The House of Representatives has concluded plans to amend the 1999 constitution (as amended) with a view to separating the office of Minister of Justice from Attorney General of the Federation.
While the minister of Justice remains part of the executive arm of government, office of the Attorney General of the Federation will be a career officer of the Ministry of Justice.
This is part of the reforms proposed by the 9th House of Representatives in its legislative agenda.
According to the agenda, the amendment will eliminate the current public perception that the minister of Justice exercises political control of prosecutorial decisions of the Ministry of Justice.
“The House of Representatives will seek as part of the constitutional amendment process, to separate the office of the Minister of Justice from that of the Attorney General. Where the former will remain a political appointment at the discretion and direction of the President, Commander-in-Chief, whereas the latter will be a career position filled by a qualified career officer of the Ministry of Justice prosecutorial cadre.

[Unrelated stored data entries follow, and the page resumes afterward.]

(* A collider created at [x] is an ancestor of [Z]: either [x] already was a
   collider, or the loop leaves [x] forwards and then meets a collider or
   returns to [x] as one. *)
Lemma dcwalk_drop_loop oin x l q :
  dcwalk oin x (l ++ q) -> wend x l = x -> dcwalk oin x q.
Proof.
rewrite dcwalk_cat => /andP[wl wq] lx; rewrite lx in wq.
case: q wq => [|[o2 y] q] //= /and3P[+ -> ->]; rewrite !andbT.
case: l wl lx => [_ _ //|[o1 w] l /= /and3P[j1 e1 wl] _].
case: oin j1 => [o0|] //= j1; have [ol dl] := wdir_Some o1 l.
rewrite [wdir _ _]dl /active in j1 *; case: o0 o2 j1 => [] [] //= j1 j2.
  by move: j2; rewrite /active andbF.
case: o1 e1 wl j1 dl => //= e1 /dcwalk_forward [wZ _ _|[_ -> _ [eol]]].
  exact: ancZ_trans (connect1 e1) wZ.
by rewrite -eol in j2.
Qed.

Lemma split_at_vertex x p : x \in unzip2 p -> exists l o q, p = rcons l (o, x) ++ q.
Proof.
case/mapP=> -[o y] /splitPr [l q] /= ->.
by exists l, o, q; rewrite cat_rcons.
Qed.

Lemma dcwalk_uniq oin x p : dcwalk oin x p ->
  exists q, [/\ dcwalk oin x q, wend x q = wend x p & uniq (x :: unzip2 q)].
Proof.
elim: p oin x => [|[o y] p IH] oin x /=; first by exists [::].
case/and3P=> jx exy /IH [q [wq qp uq]].
have wr : dcwalk oin x ((o, y) :: q) by rewrite /= jx exy.
have [xr|xr] := boolP (x \in unzip2 ((o, y) :: q)).
  2: by exists ((o, y) :: q); split; rewrite //= xr.
have [l [o' [q' er]]] := split_at_vertex xr.
have ur : uniq (unzip2 ((o, y) :: q)) by [].
rewrite er in wr ur; exists q'.
have lx : wend x (rcons l (o', x)) = x by rewrite wend_rcons.
split; first exact: dcwalk_drop_loop wr lx.
  by rewrite -{1}lx -wend_cat -er.
move: ur; rewrite /unzip2 map_cat cat_uniq map_rcons => /and3P[_ /hasPn xq ->].
by rewrite andbT; apply/negP => /xq; rewrite mem_rcons mem_head.
Qed.

Lemma dcwalk_nthP d oin x p : dcwalk oin x p <-> forall i, i < size p ->
  active_after (nth None (oin :: map Some (unzip1 p)) i) (nth false (unzip1 p) i)
    (nth d (x :: unzip2 p) i)
  && oedge (nth false (unzip1 p) i) (nth d (x :: unzip2 p) i) (nth d (x :: unzip2 p) i.+1).
Proof.
elim: p oin x => [|[o y] p IH] oin x /=; first by [].
rewrite andbA; split.
  by case/andP=> hx /IH hp [|i] //= /hp.
by move=> h; rewrite (h 0 isT); apply/IH => i /(h i.+1).
Qed.

Lemma d_connectedP a c : d_connected E Z a c <->
  exists p, [/\ dcwalk None a p, wend a p = c & uniq (a :: unzip2 p)].
Proof.
split.
  case=> -[|v vs] [os [[//= [sz] <- vk uvs] [hE hA]]].
  have [e1 e2] : unzip1 (zip os vs) = os /\ unzip2 (zip os vs) = vs.
    by rewrite unzip1_zip ?unzip2_zip ?sz.
  exists (zip os vs); rewrite e2; split=> //.
    apply/(dcwalk_nthP v) => i; rewrite size_zip sz minnn e1 e2 => lti.
    rewrite /oedge hE // andbT; case: i lti => //= i lti.
    by rewrite (nth_map false) 1?ltnW //; apply: (hA i.+1 lti).
  by rewrite /wend e2 (last_nth v) sz.
case=> p [wp ep up]; exists (a :: unzip2 p), (unzip1 p).
have sz : size (unzip2 p) = size (unzip1 p) by rewrite !size_map.
split; first split=> //; first by rewrite /= sz.
  by rewrite -sz -ep /wend (last_nth a).
move/(dcwalk_nthP a): wp; rewrite -(size_map fst) => wp.
split=> [i lti|[|i] //= lti]; first by case/andP: (wp i lti).
by case/andP: (wp i.+1 lti); rewrite /= (nth_map false) 1?ltnW.
Qed.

“This amendment will eliminate the current public perception that the Minister of Justice exercises political control of prosecutorial decisions of the Ministry of Justice and will go a long way to restoring public confidence in the administration of justice,” it said.
Meanwhile, the House Committee on Judiciary has said there is need to reform the country’s judiciary to enable fast and equitable dispensation of Justice.

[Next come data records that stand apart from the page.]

(* Assume: (A1) $f(x,y)$ and each component of $g(x,y)$ are convex in $y$ for each fixed $x$, and $f,g$ are twice continuously differentiable; (A2) $Y\subseteq\mathbb{R}^m$ is a compact convex set with $\{y:\exists x\in X \text{ such that } g(x,y)\le 0\}\subseteq\mathrm{int}(Y)$; (A3) $F$ and $G$ are twice continuously differentiable; (R1) for each $x\in X$ there exists $y$ with $g(x,y)<0$; (R2) $X$ is compact and nonempty, and the constraint set $\{x:G(x)\le0\}$ satisfies MFCQ at each $x\in X$. Let $\overline{\epsilon}\ge0$. Then, as $\epsilon\downarrow\overline{\epsilon}$, $\mu\downarrow0$ and $z\downarrow0$, $\limsup_{\epsilon\downarrow\overline{\epsilon},\mu\downarrow0,z\downarrow0}\big(z\text{-}\arg\min\mathsf{DBP}(\epsilon,\mu)\big)\subseteq\arg\min\mathsf{DBP}(\overline{\epsilon},0)$, and $z\text{-}\min\mathsf{DBP}(\epsilon,\mu)\to\min\mathsf{DBP}(\overline{\epsilon},0)$.
   Context: Let $F:\mathbb{R}^n\times\mathbb{R}^m\to\mathbb{R}$, $f:\mathbb{R}^n\times\mathbb{R}^m\to\mathbb{R}$, $g:\mathbb{R}^n\times\mathbb{R}^m\to\mathbb{R}^p$, $G:\mathbb{R}^n\to\mathbb{R}^q$; vector inequalities componentwise; $X=\{x:G(x)\le0\}$; MFCQ for $\{x:G(x)\le0\}$ at $x$ means there is $d$ with $\nabla G_i(x)^{\mathsf T}d<0$ for all active indices $i$. For $\mu\ge0$, $h_\mu(\lambda,x)=\min_y\{\mu\|y\|^2+f(x,y)+\lambda^{\mathsf T}g(x,y):y\in Y\}$ with $Y$ from (A2); $\mathcal{C}(\epsilon,\mu)=\{(x,y,\lambda): G(x)\le0,\ g(x,y)\le\epsilon,\ \lambda\ge0,\ f(x,y)-h_\mu(\lambda,x)\le\epsilon\}$; $\mathsf{DBP}(\epsilon,\mu)$ is the problem of minimizing $F(x,y)$ over $(x,y,\lambda)\in\mathcal{C}(\epsilon,\mu)$. $z\text{-}\arg\min\mathsf{DBP}(\epsilon,\mu)$ is the set of feasible $(x,y,\lambda)$ with $F(x,y)\le\inf\mathsf{DBP}(\epsilon,\mu)+z$, and $z\text{-}\min\mathsf{DBP}(\epsilon,\mu)$ denotes the objective value at such points (any value in $[\inf, \inf+z]$ attained there). $\limsup$ of sets is the Painlevé–Kuratowski outer limit: the set of all cluster points of sequences of elements of the sets along the parameter sequence. *)

From HB Require Import structures.
From mathcomp Require Import all_boot all_order all_algebra.
From mathcomp Require Import all_classical all_reals all_analysis.
Set Implicit Arguments. Unset Strict Implicit. Unset Printing Implicit Defensive.
Import Order.TTheory GRing.Theory Num.Theory.
Import numFieldNormedType.Exports.
Local Open Scope classical_set_scope.
Local Open Scope ring_scope.

Section Defs.
Variable R : realType.

Definition evec (N : nat) (i : 'I_N) : 'rV[R]_N := delta_mx 0 i.

Definition dotv (N : nat) (u v : 'rV[R]_N) : R := \sum_(j < N) u 0 j * v 0 j.
Definition sqnorm (N : nat) (u : 'rV[R]_N) : R := dotv u u.

Definition grad (N : nat) (h : 'rV[R]_N -> R) (x : 'rV[R]_N) : 'rV[R]_N :=
  \row_(j < N) 'D_(evec j) h x.

Definition C2 (N : nat) (h : 'rV[R]_N -> R) : Prop :=
  continuous h /\
  forall i j : 'I_N,
    (forall x, derivable h x (evec i)) /\
    continuous (fun x => 'D_(evec i) h x) /\
    (forall x, derivable (fun y => 'D_(evec i) h y) x (evec j)) /\
    continuous (fun x => 'D_(evec j) (fun y => 'D_(evec i) h y) x).

Definition C2vec (N K : nat) (h : 'rV[R]_N -> 'rV[R]_K) : Prop :=
  forall k : 'I_K, C2 (fun x => h x 0 k).

Definition convex_fun (N : nat) (h : 'rV[R]_N -> R) : Prop :=
  forall (y1 y2 : 'rV[R]_N) (t : R), 0 <= t <= 1 ->
    h (t *: y1 + (1 - t) *: y2) <= t * h y1 + (1 - t) * h y2.

Definition Xset (n q : nat) (G : 'rV[R]_n -> 'rV[R]_q) : set 'rV[R]_n :=
  [set x | forall i : 'I_q, G x 0 i <= 0].

Definition MFCQ (n q : nat) (G : 'rV[R]_n -> 'rV[R]_q) (x : 'rV[R]_n) : Prop :=
  exists d : 'rV[R]_n, forall i : 'I_q, G x 0 i = 0 ->
    dotv (grad (fun x' => G x' 0 i) x) d < 0.

Variables (n m p q : nat).
Variables (F f : 'rV[R]_(n + m) -> R) (g : 'rV[R]_(n + m) -> 'rV[R]_p)
          (G : 'rV[R]_n -> 'rV[R]_q) (Y : set 'rV[R]_m).

(* h_mu(lambda, x) = min_{y in Y} mu |y|^2 + f(x,y) + lambda^T g(x,y)
   (stated as an infimum in the extended reals) *)
Definition h_mu (mu : R) (lam : 'rV[R]_p) (x : 'rV[R]_n) : \bar R :=
  ereal_inf [set (mu * sqnorm y + f (row_mx x y) + dotv lam (g (row_mx x y)))%:E
            | y in Y].

Definition dbpt := ('rV[R]_n * 'rV[R]_m * 'rV[R]_p)%type.

Definition Cset (eps mu : R) : set dbpt :=
  [set pt : dbpt | let: (x, y, lam) := pt in
     (forall i : 'I_q, G x 0 i <= 0) /\
     (forall i : 'I_p, g (row_mx x y) 0 i <= eps) /\
     (forall i : 'I_p, 0 <= lam 0 i) /\
     ((f (row_mx x y))%:E - h_mu mu lam x <= eps%:E)%E].

Definition Fval (pt : dbpt) : R := let: (x, y, _) := pt in F (row_mx x y).

Definition dbp_inf (eps mu : R) : \bar R := ereal_inf [set (Fval pt)%:E | pt in Cset eps mu].

Definition dbp_zargmin (eps mu z : R) : set dbpt :=
  [set pt | Cset eps mu pt /\ ((Fval pt)%:E <= dbp_inf eps mu + z%:E)%E].

Definition dbp_argmin (eps mu : R) : set dbpt :=
  [set pt | Cset eps mu pt /\ (Fval pt)%:E = dbp_inf eps mu].

End Defs.

From HB Require Import structures.
From mathcomp Require Import all_boot all_order all_algebra.
From mathcomp Require Import all_classical all_reals all_analysis.
From mathcomp Require Import lra.
Import Order.TTheory GRing.Theory Num.Theory.
Import numFieldNormedType.Exports.
Local Open Scope classical_set_scope.
Local Open Scope ring_scope.
Set Implicit Arguments. Unset Strict Implicit. Unset Printing Implicit Defensive.

(* Feasibility is monotone in the parameters, so C(epsbar, 0) is contained in every
   C(eps, mu) and a z-minimizer of DBP(eps, mu) has value at most inf DBP(epsbar, 0) + z.
   Written as "f(x, y) - eps <= mu |y'|^2 + f(x, y') + lam . g(x, y') for all y' in Y",
   the value-function constraint shows that the graph of (eps, mu) |-> C(eps, mu) is
   closed; hence limits of z-minimizers are feasible, and optimal, for DBP(epsbar, 0).
   For bounded parameters the sets C(eps, mu) all lie in one compact set: y is bounded
   because, g(x, .) being convex, the segment from a Slater point to a far away y crosses
   a shell around Y on which some constraint is violated by a uniform margin, and lam is
   bounded by testing the value-function constraint at a uniform Slater point.
   Consequently a closed set disjoint from C(epsbar, 0) is eventually avoided by points of
   C(eps_k, mu_k); applied to the whole space and to the sublevel sets of F, this gives
   that C(epsbar, 0) is nonempty and that the values of z-minimizers cannot stay below
   its infimum. *)

Lemma continuous_compose (T U V : topologicalType) (u : T -> U) (v : U -> V) :
  continuous u -> continuous v -> continuous (fun t => v (u t)).
Proof. by move=> cu cv t; apply: (@continuous_comp _ _ _ u v); [exact: cu | exact: cv]. Qed.

Lemma continuous_fst (T U V : topologicalType) (u : T -> U * V) :
  continuous u -> continuous (fun t => (u t).1).
Proof. by move=> cu; apply: (continuous_compose (v := fst)) cu _ => w; exact: cvg_fst. Qed.

Lemma continuous_snd (T U V : topologicalType) (u : T -> U * V) :
  continuous u -> continuous (fun t => (u t).2).
Proof. by move=> cu; apply: (continuous_compose (v := snd)) cu _ => w; exact: cvg_snd. Qed.

Section continuity.
Variable R : realType.

Lemma continuous_mx (T : topologicalType) a b (h : T -> 'M[R]_(a, b)) :
  (forall i j, continuous (fun t => h t i j)) -> continuous h.
Proof.
move=> hc t; apply/cvg_mx_entourageP => A entA.
apply: filter_forall => i; apply: filter_forall => j.
have near_A : \forall s \near t, A (h t i j, h s i j).
  by have /cvg_entourageP := hc i j t; apply.
by apply: filterS near_A => s /= As; rewrite inE.
Qed.

Lemma continuous_coord (T : topologicalType) a b (u : T -> 'M[R]_(a, b)) i j :
  continuous u -> continuous (fun t => u t i j).
Proof.
by move=> cu; exact: continuous_compose cu (@coord_continuous R a b i j).
Qed.

Lemma continuous_row_mx (T : topologicalType) a b
    (u : T -> 'rV[R]_a) (v : T -> 'rV[R]_b) :
  continuous u -> continuous v -> continuous (fun t => row_mx (u t) (v t)).
Proof.
move=> cu cv; apply: continuous_mx => i j; rewrite (ord1 i).
case: (split_ordP j) => k -> {j}.
- rewrite (_ : (fun s => _) = fun s => u s 0 k); last first.
    by apply/funext => s; rewrite row_mxEl.
  exact: continuous_coord.
- rewrite (_ : (fun s => _) = fun s => v s 0 k); last first.
    by apply/funext => s; rewrite row_mxEr.
  exact: continuous_coord.
Qed.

Chairman of the committee, Hon Onofiok Luke who spoke at the inaugural meeting of the committee said the long period it takes to dispense justice is a cause for concern
“There are lots of reforms to be carried out in the Judiciary. The committee in synergy with relevant bodies and stakeholders like the Senate committee on Judiciary, Ministry of Justice, the Judiciary itself, Civil Society organisation, proposes to invigorate the Judiciary for effective performance and quick, efficient justice delivery to the common man .

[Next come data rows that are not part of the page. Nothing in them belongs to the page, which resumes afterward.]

(* Let $(k_i)_{i\in\mathbb N}\subset\mathbb N$ be the coding sequence of an interval translation map of infinite type. Then the $S$-adic subshift $(X,\sigma)$ based on the substitutions $(\chi_{k_i})_{i\in\mathbb N}$ is primitive, combinatorially recognizable and aperiodic.
   Context: Coding sequences of infinite-type maps in the family $T_{\alpha,\beta}(x)=x+\alpha$ on $[0,1-\alpha)$, $x+\beta$ on $[1-\alpha,1-\beta)$, $x-1+\beta$ on $[1-\beta,1]$ ($0<\beta\le\alpha\le1$) are exactly the sequences $(k_i)$ in $\mathbb N=\{1,2,\dots\}$ with $k_{2i}>1$ for infinitely many $i$ and $k_{2i-1}>1$ for infinitely many $i$. For $k\in\mathbb N$, $\chi_k$ is the substitution on $\{1,2,3\}$: $1\mapsto2$, $2\mapsto31^k$, $3\mapsto31^{k-1}$. An $S$-adic subshift based on substitutions $\chi_i:\mathcal A_i\to\mathcal A_{i-1}^+$ (here all alphabets are $\{1,2,3\}$ and $\chi_i=\chi_{k_i}$) is the shift-orbit closure $X$ of the set of accumulation points of $\{\chi_1\circ\cdots\circ\chi_n(a): n\in\mathbb N, a\in\mathcal A_n\}$; for $i\ge1$ let $X_i$ denote the $S$-adic subshift based on $(\chi_j)_{j\ge i}$. It is primitive if for every $m$ there is $n\ge m$ such that for all $a\in\mathcal A_n$ the word $\chi_m\circ\cdots\circ\chi_n(a)$ contains every letter of $\mathcal A_{m-1}$. A substitution $\chi$, relative to a subshift $Y$, is combinatorially recognizable if there is $N$ such that for every word $w$ occurring in $Y$ with $|w|\ge N$ and every word $v=v_1\cdots v_n$ such that $w$ occurs twice in $\chi(v)$, the first occurrence of $w$ starts at a position of the form $|\chi(v_1\cdots v_i)|$ (some $0\le i<n$) if and only if the second occurrence starts at a position of the form $|\chi(v_1\cdots v_j)|$ (some $0\le j<n$). The $S$-adic subshift is combinatorially recognizable if each $\chi_i$ is combinatorially recognizable relative to $X_i$ (with $N$ allowed to depend on $i$). It is aperiodic if there is no $x\in X$ and $k\in\mathbb N$ with $\sigma^k x=x$. *)

From HB Require Import structures.
From mathcomp Require Import all_boot.
Set Implicit Arguments. Unset Strict Implicit. Unset Printing Implicit Defensive.

Inductive letter := l1 | l2 | l3.

Definition letter_eqb (a b : letter) : bool :=
  match a, b with
  | l1, l1 | l2, l2 | l3, l3 => true
  | _, _ => false
  end.

Lemma letter_eqP : Equality.axiom letter_eqb.
Proof. by case; case; constructor. Qed.

HB.instance Definition _ := hasDecEq.Build letter letter_eqP.

Definition subst := letter -> seq letter.
Definition subst_word (s : subst) (w : seq letter) : seq letter :=
  flatten (map s w).

Definition chi (k : nat) : subst := fun a =>
  match a with
  | l1 => [:: l2]
  | l2 => l3 :: nseq k l1
  | l3 => l3 :: nseq k.-1 l1
  end.

Fixpoint block (tau : nat -> subst) (m l : nat) (w : seq letter) : seq letter :=
  match l with
  | 0 => w
  | l'.+1 => subst_word (tau m) (block tau m.+1 l' w)
  end.

(* comp_range tau m n a = tau_m o ... o tau_n (a)   (for m <= n) *)
Definition comp_range (tau : nat -> subst) (m n : nat) (a : letter) : seq letter :=
  block tau m (n.+1 - m) [:: a].

Definition sequence := nat -> letter.

Definition factor (x : sequence) (j len : nat) : seq letter :=
  mkseq (fun t => x (j + t)) len.

(* x is an accumulation point (in A^* u A^N with the prefix topology) of
   { tau_i o ... o tau_n (a) : n >= i, a in A }. *)
Definition accumulation_point (tau : nat -> subst) (i : nat) (x : sequence) : Prop :=
  forall m, exists n a, i <= n /\ prefix (factor x 0 m) (comp_range tau i n a).

(* X_i : the shift-orbit closure (product topology) of the set of accumulation
   points; this is the S-adic subshift based on (tau_j)_{j >= i}. *)
Definition sadic_subshift (tau : nat -> subst) (i : nat) (y : sequence) : Prop :=
  forall m, exists x j, accumulation_point tau i x /\ factor y 0 m = factor x j m.

Definition occurs_in (Y : sequence -> Prop) (w : seq letter) : Prop :=
  exists y j, Y y /\ factor y j (size w) = w.

Definition occurs_at (w u : seq letter) (p : nat) : Prop :=
  p + size w <= size u /\ take (size w) (drop p u) = w.

Definition cut_position (s : subst) (v : seq letter) (p : nat) : Prop :=
  exists i, i < size v /\ p = size (subst_word s (take i v)).

Definition comb_recognizable_rel (s : subst) (Y : sequence -> Prop) : Prop :=
  exists N, forall w, occurs_in Y w -> N <= size w ->
    forall (v : seq letter) (p q : nat),
      occurs_at w (subst_word s v) p -> occurs_at w (subst_word s v) q ->
      (cut_position s v p <-> cut_position s v q).

Definition sadic_primitive (tau : nat -> subst) : Prop :=
  forall m, 1 <= m -> exists n, m <= n /\
    forall a b : letter, b \in comp_range tau m n a.

Definition sadic_comb_recognizable (tau : nat -> subst) : Prop :=
  forall i, 1 <= i -> comb_recognizable_rel (tau i) (sadic_subshift tau i).

Definition sadic_aperiodic (tau : nat -> subst) : Prop :=
  ~ exists (x : sequence) (k : nat),
      sadic_subshift tau 1 x /\ 0 < k /\ forall t, x (k + t) = x t.

Definition infinite_type_coding (k : nat -> nat) : Prop :=
  (forall i, 1 <= i -> 1 <= k i) /\
  (forall N, exists i, N <= i /\ 1 <= i /\ ~~ odd i /\ 1 < k i) /\
  (forall N, exists i, N <= i /\ odd i /\ 1 < k i).

From mathcomp Require Import all_boot zify.
Set Implicit Arguments. Unset Strict Implicit.

(* Every chi_k is marked: the image of a letter is one marker (a letter other
   than 1) followed by 1s.  So in chi_k(v) the cut positions are exactly the
   markers, which gives recognizability with N = 1, and for k >= 1 a factor of
   chi_k(v) that begins with a marker desubstitutes uniquely.

   Aperiodicity: if u^oo lies in X_1, every power of u is a factor of some
   chi_{k_1} o ... o chi_{k_n}(a).  Runs of 1s in chi_k(v) are bounded, so u
   contains a marker and a rotation of u begins with one; it desubstitutes to a
   word u' whose powers are factors at the next level, with |chi_k(u')| = |u|.
   Lengths never grow and drop whenever k_i > 1, which happens infinitely often.

   Primitivity: two steps always produce a 3; a step with k > 1 turns a 3 into
   {1,3}; further steps alternate {1,3} -> {2,3} -> {1,3}, and a second step with
   k > 1 at odd distance yields all three letters, which persist.  Even and odd
   indices with k_i > 1 provide such a pair of steps. *)

Local Notation wpow u n := (flatten (nseq n u)).

Lemma subst_word_cons s a w : subst_word s (a :: w) = s a ++ subst_word s w.
Proof. by []. Qed.

Lemma subst_word_cat s w1 w2 :
  subst_word s (w1 ++ w2) = subst_word s w1 ++ subst_word s w2.
Proof. by rewrite /subst_word map_cat flatten_cat. Qed.

Lemma subst_word_wpow s w n : subst_word s (wpow w n) = wpow (subst_word s w) n.
Proof. by elim: n => //= n IH; rewrite subst_word_cat IH. Qed.

Lemma mem_subst_word s w a b : a \in w -> b \in s a -> b \in subst_word s w.
Proof. by move=> aw bsa; apply/flattenP; exists (s a) => //; apply: map_f. Qed.

Definition marked (s : subst) :=
  forall a, exists h t, [/\ s a = h :: t, h != l1 & all (pred1 l1) t].

(* True for the empty word, whose head defaults to l2. *)
Definition begins_marker (w : seq letter) := head l2 w != l1.

Lemma begins_marker_cat u w : begins_marker u -> 0 < size u -> begins_marker (u ++ w).
Proof. by case: u. Qed.

Section Marked.
Variable s : subst.
Hypothesis s_marked : marked s.

Lemma size_marked_gt0 a : 0 < size (s a).
Proof. by have [h [t [-> _ _]]] := s_marked a. Qed.

Lemma nth_marked a j : j < size (s a) -> (nth l2 (s a) j != l1) = (j == 0).
Proof.
have [h [t [-> h1 /allP t1]]] := s_marked a.
case: j => [|j] //= /[!ltnS] jt; exact/negbF/t1/mem_nth.
Qed.

Lemma begins_marker_subst_word w : begins_marker (subst_word s w).
Proof.
by case: w => [|a w] //; rewrite subst_word_cons; have [h [t [-> ? _]]] := s_marked a.
Qed.

Lemma size_subst_word_ge w : size w <= size (subst_word s w).
Proof.
elim: w => //= a w IH; rewrite subst_word_cons size_cat.
by have := size_marked_gt0 a; lia.
Qed.

Lemma size_subst_word_gt w :
  has (fun a => 1 < size (s a)) w -> size w < size (subst_word s w).
Proof.
elim: w => //= a w IH; rewrite subst_word_cons size_cat.
have := size_marked_gt0 a; have := size_subst_word_ge w.
by move=> + + /orP[|/IH]; lia.
Qed.

Lemma cut_positionE v p : p < size (subst_word s v) ->
  cut_position s v p <-> nth l2 (subst_word s v) p != l1.
Proof.
elim: v p => [|a v IH] p //; rewrite subst_word_cons size_cat nth_cat => hp.
have sa0 := size_marked_gt0 a.
case: ltnP => hpa.
  rewrite nth_marked //; split=> [[[|i] [_ ep]] | /eqP->]; last by exists 0.
    by rewrite ep.
  by move: hpa; rewrite ep /= subst_word_cons size_cat; lia.
rewrite -IH; last by lia.
split=> [[[|i] [/= hi ep]] | [i [hi ep]]].
- by move: hpa; rewrite ep; lia.
- by exists i; split => //; move: ep; rewrite subst_word_cons size_cat; lia.
- by exists i.+1; split; rewrite //= subst_word_cons size_cat -ep; lia.
Qed.

Lemma subst_word_split v A C : subst_word s v = A ++ C -> begins_marker C ->
  exists v1 v2, [/\ v = v1 ++ v2, subst_word s v1 = A & subst_word s v2 = C].
Proof.
case: C => [|c C] E; first by exists v, [::]; rewrite cats0 E cats0.
have hA : size A < size (subst_word s v) by rewrite E size_cat /= addnS ltnS leq_addr.
move=> hc; have: nth l2 (subst_word s v) (size A) != l1 by rewrite E nth_cat ltnn subnn.
rewrite -cut_positionE // => -[i [_ eA]].
exists (take i v), (drop i v); rewrite cat_take_drop.
move: E; rewrite -{1}(cat_take_drop i v) subst_word_cat => /eqP.
by rewrite eqseq_cat // => /andP [/eqP -> /eqP ->].
Qed.

Lemma run_bound K v A B m : (forall a, size (s a) <= K.+1) ->
  subst_word s v = A ++ nseq m l1 ++ B -> m <= K.
Proof.
move=> sK; elim: v A => [|a v IH] A.
  by move/(congr1 size); rewrite !size_cat size_nseq /=; lia.
rewrite subst_word_cons => E; case: (leqP (size (s a)) (size A)) => hA.
  apply: (IH (drop (size (s a)) A)); move/eqP: E.
  rewrite -{1}(cat_take_drop (size (s a)) A) -catA eqseq_cat ?size_takel //.
  by case/andP=> _ /eqP.
rewrite leqNgt; apply/negP => Km.
(* Inside the run there is a marker: the head of s a, or the head of s v. *)
have [q [Aq qm]] : exists q, [/\ size A <= q, q < size A + m
                                & nth l2 (s a ++ subst_word s v) q != l1].
  case: A E hA => [|x A] _ /= hA.
    exists 0; rewrite nth_cat size_marked_gt0 nth_marked ?size_marked_gt0 //.
    by split=> //; lia.
  have saK := sK a; exists (size (s a)); rewrite nth_cat ltnn subnn nth0.
  by split; [lia | lia | exact: begins_marker_subst_word].
rewrite E nth_cat ltnNge Aq /= nth_cat size_nseq ltn_subLR // qm nth_nseq.
by rewrite ltn_subLR // qm.
Qed.

Lemma size_marked_find a v :
  size (s a) = (find (predC1 l1) (behead (subst_word s (a :: v)))).+1.
Proof.
rewrite subst_word_cons; have [h [t [-> _ t1]]] := s_marked a.
rewrite /= find_cat; have /negbTE-> : ~~ has (predC1 l1) t.
  by rewrite has_predC negbK.
by case: (subst_word s v) (begins_marker_subst_word v) => [|c w] /=;
  rewrite ?addn0 // => /negbTE->; rewrite addn0.
Qed.

Lemma subst_word_inj : injective s -> injective (subst_word s).
Proof.
move=> s_inj; elim=> [|a x IH] [|b y] //.
- move/(congr1 size); rewrite subst_word_cons size_cat /=.
  by have := size_marked_gt0 b; lia.
- move/(congr1 size); rewrite subst_word_cons size_cat /=.
  by have := size_marked_gt0 a; lia.
move=> E; have sab : size (s a) = size (s b).
  by rewrite (size_marked_find a x) (size_marked_find b y) E.
move/eqP: E; rewrite !subst_word_cons eqseq_cat //.
by case/andP=> /eqP/s_inj-> /eqP/IH->.
Qed.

“The slow pace of Justice delivery and backlog of matters in Nigeria is a cause for concern. Some matters spend a minimum life span of 10 years before their final adjudication by the apex Court– Supreme Court,” he said.
Onofiok further stated that; “Part of this problems is that our legal system allows all matters to travel to the Supreme Court without limit, and that not all matters should merit the attention of the Apex Court.”
According to him, in developed democracies like United States, only constitutional and important matters reach the Supreme Court.
“General matters are handled by trial and appellate courts based on precedents set by the Supreme Court. We will have to reconsider our laws to ensure that we do not overburden the Supreme Court, hence slowing down the wheel of Justice.
“We need to continually advocate and protect the independence of our Judiciary so that our judges will be bold and firm to dispense justice without fear of favour. By our laws, our judges are not allowed to speak freely.”